(What is being asked) Starting at the line with "split; [exact: grValid_diag_pair | split]." in it, reproduce each line below through the last one, exactly, and include nothing else.

(Data for analysis)
Lemma diagonal_modIso K n M1 M2 : diagonal K n M1 -> diagonal K n M2 ->
  (forall a, ndstr n a -> mdim M1 a = mdim M2 a) -> modIso K n M1 M2.
Proof.
move=> [A1 B1] [A2 B2] Hdim.
exists (fun a => pid_mx (mdim M1 a)), (fun a => pid_mx (mdim M1 a)); split.
  by move=> a /Hdim E; rewrite !pid_mx_id ?E // pid_mx_1; split=> //; rewrite E pid_mx_1.
move=> a b l Hl E; case: (eqVneq a b) => [Eab|/eqP Hab].
  by subst b; rewrite (B1 _ _ Hl E) (B2 _ _ Hl E) mul1mx mulmx1.
by rewrite (A1 _ _ _ Hl E Hab) (A2 _ _ _ Hl E Hab) mul0mx mulmx0.
Qed.

Lemma diagonal_grEq K n (x y : Defs.grel C k) :
  diagonal_pair K n x -> diagonal_pair K n y -> cEq n (chi x) (chi y) ->
  grEq K n x y.
Proof.
move=> [X1 X2] [Y1 Y2] Hchi; exists (zmod C k); split; first exact: isMod_zmod.
have Z := diagonal_zmod K n.
apply: diagonal_modIso; [exact: diagonal_dsum (diagonal_dsum X1 Y2) Z|
                         exact: diagonal_dsum (diagonal_dsum Y1 X2) Z|].
by move=> a /Hchi; rewrite /chi /=; lia.
Qed.

End DiagonalModules.

Section Realisation.
Variables (C : FinCat) (k : fieldType).
Local Open Scope ring_scope.

Definition zpos (z : int) : nat := if z is Posz m then m else 0.
Definition zneg (z : int) : nat := if z is Negz m then m.+1 else 0.

Lemma zposB_zneg (z : int) : z = (zpos z)%:Z - (zneg z)%:Z.
Proof. by case: z => m /=; rewrite ?subr0 // NegzE sub0r. Qed.

Definition diag_pair m (psi : cochain C) : Defs.grel C k :=
  (diag_rmod k (fun s => if ndstr m s then zpos (psi s) else 0%N),
   diag_rmod k (fun s => if ndstr m s then zneg (psi s) else 0%N)).

Lemma chi_diag_pair m psi : cEq m (chi (diag_pair m psi)) psi.
Proof. by move=> s Hs; rewrite /chi /= Hs -zposB_zneg. Qed.

Lemma grValid_diag_pair m psi : direct C -> grValid KG m (diag_pair m psi).
Proof. by move=> Hd; split; apply: isMod_diag_rmod. Qed.

Lemma mdim_bigdsum (Ms : seq (rmod C k)) a :
  mdim (bigdsum Ms) a = (\sum_(M <- Ms) mdim M a)%N.
Proof. by elim: Ms => [|M Ms IH] /=; rewrite ?big_nil ?big_cons ?IH. Qed.

Lemma sum_alternate (g : nat -> int) m :
  \sum_(i < m) (-1) ^+ i * g i =
  \sum_(i <- iota 0 m | ~~ odd i) g i - \sum_(i <- iota 0 m | odd i) g i.
Proof.
rewrite -(big_mkord xpredT (fun i => (-1) ^+ i * g i)) /index_iota subn0.
rewrite (bigID odd) /= addrC; congr (_ + _).
  by apply: eq_bigr => i /negbTE Hi; rewrite -signr_odd Hi mul1r.
by rewrite -sumrN; apply: eq_bigr => i Hi; rewrite -signr_odd Hi mulN1r.
Qed.

Lemma chi_dGr_diag_pair m psi : cEq m.+1 (chi (dGr m (diag_pair m psi))) (cdelta m psi).
Proof.
move=> a _; rewrite /cdelta (sum_alternate (fun i =>
  if ndstr m (sface i a) then psi (sface i a) else 0)).
rewrite /chi /dGr /diag_pair; cbn [fst snd].
rewrite !mdim_bigdsum !big_cat !big_map !big_filter; cbn [mdim pb diag_rmod].
rewrite !PoszD !(big_morph Posz PoszD (erefl 0%:Z)).
have E i : (if ndstr m (sface i a) then psi (sface i a) else 0) =
   (if ndstr m (sface i a) then zpos (psi (sface i a)) else 0%N)%:Z -
   (if ndstr m (sface i a) then zneg (psi (sface i a)) else 0%N)%:Z.
  by case: ifP => _; [apply: zposB_zneg | rewrite subr0].
under [X in _ = X - _]eq_bigr do rewrite E.
under [X in _ = _ - X]eq_bigr do rewrite E.
rewrite !sumrB.
(* [big_morph] leaves sums that differ from the right-hand ones only in the
   monoid instance; naming them makes lia see the same atoms. *)
set A := \sum_(i <- _ | _) _; set B := \sum_(i <- _ | _) _.
set D := \sum_(i <- _ | _) _; set F := \sum_(i <- _ | _) _.
lia.
Qed.

Lemma cdelta0 m : cEq m.+1 (cdelta m (fun _ : str C => 0)) (fun _ => 0).
Proof. by move=> s _; rewrite /cdelta big1 // => i _; case: ifP; rewrite mulr0. Qed.

End Realisation.

Section CompositionLength.
Variables (k : fieldType) (C : FinCat) (N : nat).
Hypotheses (C_direct : direct C) (C_length : comp_length C N).

Lemma grVanish_gt_length K n : (N < n)%N -> grVanish C k K n.
Proof.
case: n => [|n] // Hn x _ _; exists (gr0 C k).
split; first by split; apply: isMod_zmod.
apply: diagonal_grEq; try by split; apply: diagonal_vacuous C_direct C_length Hn.
by move=> a /(ndstr_le_length C_direct C_length); rewrite leqNgt Hn.
Qed.

Lemma chiEpi_pos n : (0 < n)%N -> chiEpi C k n.
Proof.
move=> Hn phi Hphi; exists (diag_pair k n phi).
split; [exact: grValid_diag_pair | split].
  apply: diagonal_grEq; first exact: diagonal_dGr.
    by split; apply: diagonal_zmod.
  by move=> a Ha; rewrite (chi_dGr_diag_pair k phi Ha) (Hphi a Ha) /chi /= subrr.
case: n Hn {Hphi} => [|n] // _; exists (fun _ => 0) => s Hs.
by rewrite cdelta0 // chi_diag_pair // subrr.
Qed.

Lemma chiMono_discrete n : (N < n + n)%N -> chiMono C k n.
Proof.
case: n => [|n] Hn // x [Hx1 Hx2] _ [psi Hpsi].
exists (diag_pair k n psi); split; first exact: grValid_diag_pair.
apply: diagonal_grEq; first exact: diagonal_dGr.
  by split; apply: diagonal_discrete C_direct C_length Hn _.
by move=> a Ha; rewrite (chi_dGr_diag_pair k psi Ha) Hpsi.
Qed.

End CompositionLength.

Theorem proposition4p10 (k : fieldType) (C : FinCat) (N : nat) :
  direct C -> comp_length C N -> (1 <= N)%N ->
  (forall n, (N < n)%N -> grVanish C k KE n /\ grVanish C k KG n) /\
  (forall n, (N./2.+1 <= n)%N -> chiEpi C k n /\ chiMono C k n) /\
  (forall n, (1 <= n <= N./2)%N -> chiEpi C k n).
Proof.
move=> Hd HN _; split; [|split].
- by move=> n Hn; split; exact (grVanish_gt_length Hd HN Hn).
- move=> n Hn; split; first exact (chiEpi_pos k Hd (leq_trans (ltn0Sn _) Hn)).
  refine (chiMono_discrete Hd HN _).
  by move: Hn; rewrite -[in _ < _](odd_double_half N) -addnn; case: odd => /=; lia.
- by move=> n /andP [Hn _]; exact (chiEpi_pos k Hd Hn).
Qed.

(Solution for this task)
split; [exact: grValid_diag_pair | split].
  apply: diagonal_grEq; first exact: diagonal_dGr.
    by split; apply: diagonal_zmod.
  by move=> a Ha; rewrite (chi_dGr_diag_pair k phi Ha) (Hphi a Ha) /chi /= subrr.
case: n Hn {Hphi} => [|n] // _; exists (fun _ => 0) => s Hs.
by rewrite cdelta0 // chi_diag_pair // subrr.
Qed.

Lemma chiMono_discrete n : (N < n + n)%N -> chiMono C k n.
Proof.
case: n => [|n] Hn // x [Hx1 Hx2] _ [psi Hpsi].
exists (diag_pair k n psi); split; first exact: grValid_diag_pair.
apply: diagonal_grEq; first exact: diagonal_dGr.
  by split; apply: diagonal_discrete C_direct C_length Hn _.
by move=> a Ha; rewrite (chi_dGr_diag_pair k psi Ha) Hpsi.
Qed.

End CompositionLength.

Theorem proposition4p10 (k : fieldType) (C : FinCat) (N : nat) :
  direct C -> comp_length C N -> (1 <= N)%N ->
  (forall n, (N < n)%N -> grVanish C k KE n /\ grVanish C k KG n) /\
  (forall n, (N./2.+1 <= n)%N -> chiEpi C k n /\ chiMono C k n) /\
  (forall n, (1 <= n <= N./2)%N -> chiEpi C k n).
Proof.
move=> Hd HN _; split; [|split].
- by move=> n Hn; split; exact (grVanish_gt_length Hd HN Hn).
- move=> n Hn; split; first exact (chiEpi_pos k Hd (leq_trans (ltn0Sn _) Hn)).
  refine (chiMono_discrete Hd HN _).
  by move: Hn; rewrite -[in _ < _](odd_double_half N) -addnn; case: odd => /=; lia.
- by move=> n /andP [Hn _]; exact (chiEpi_pos k Hd Hn).
Qed.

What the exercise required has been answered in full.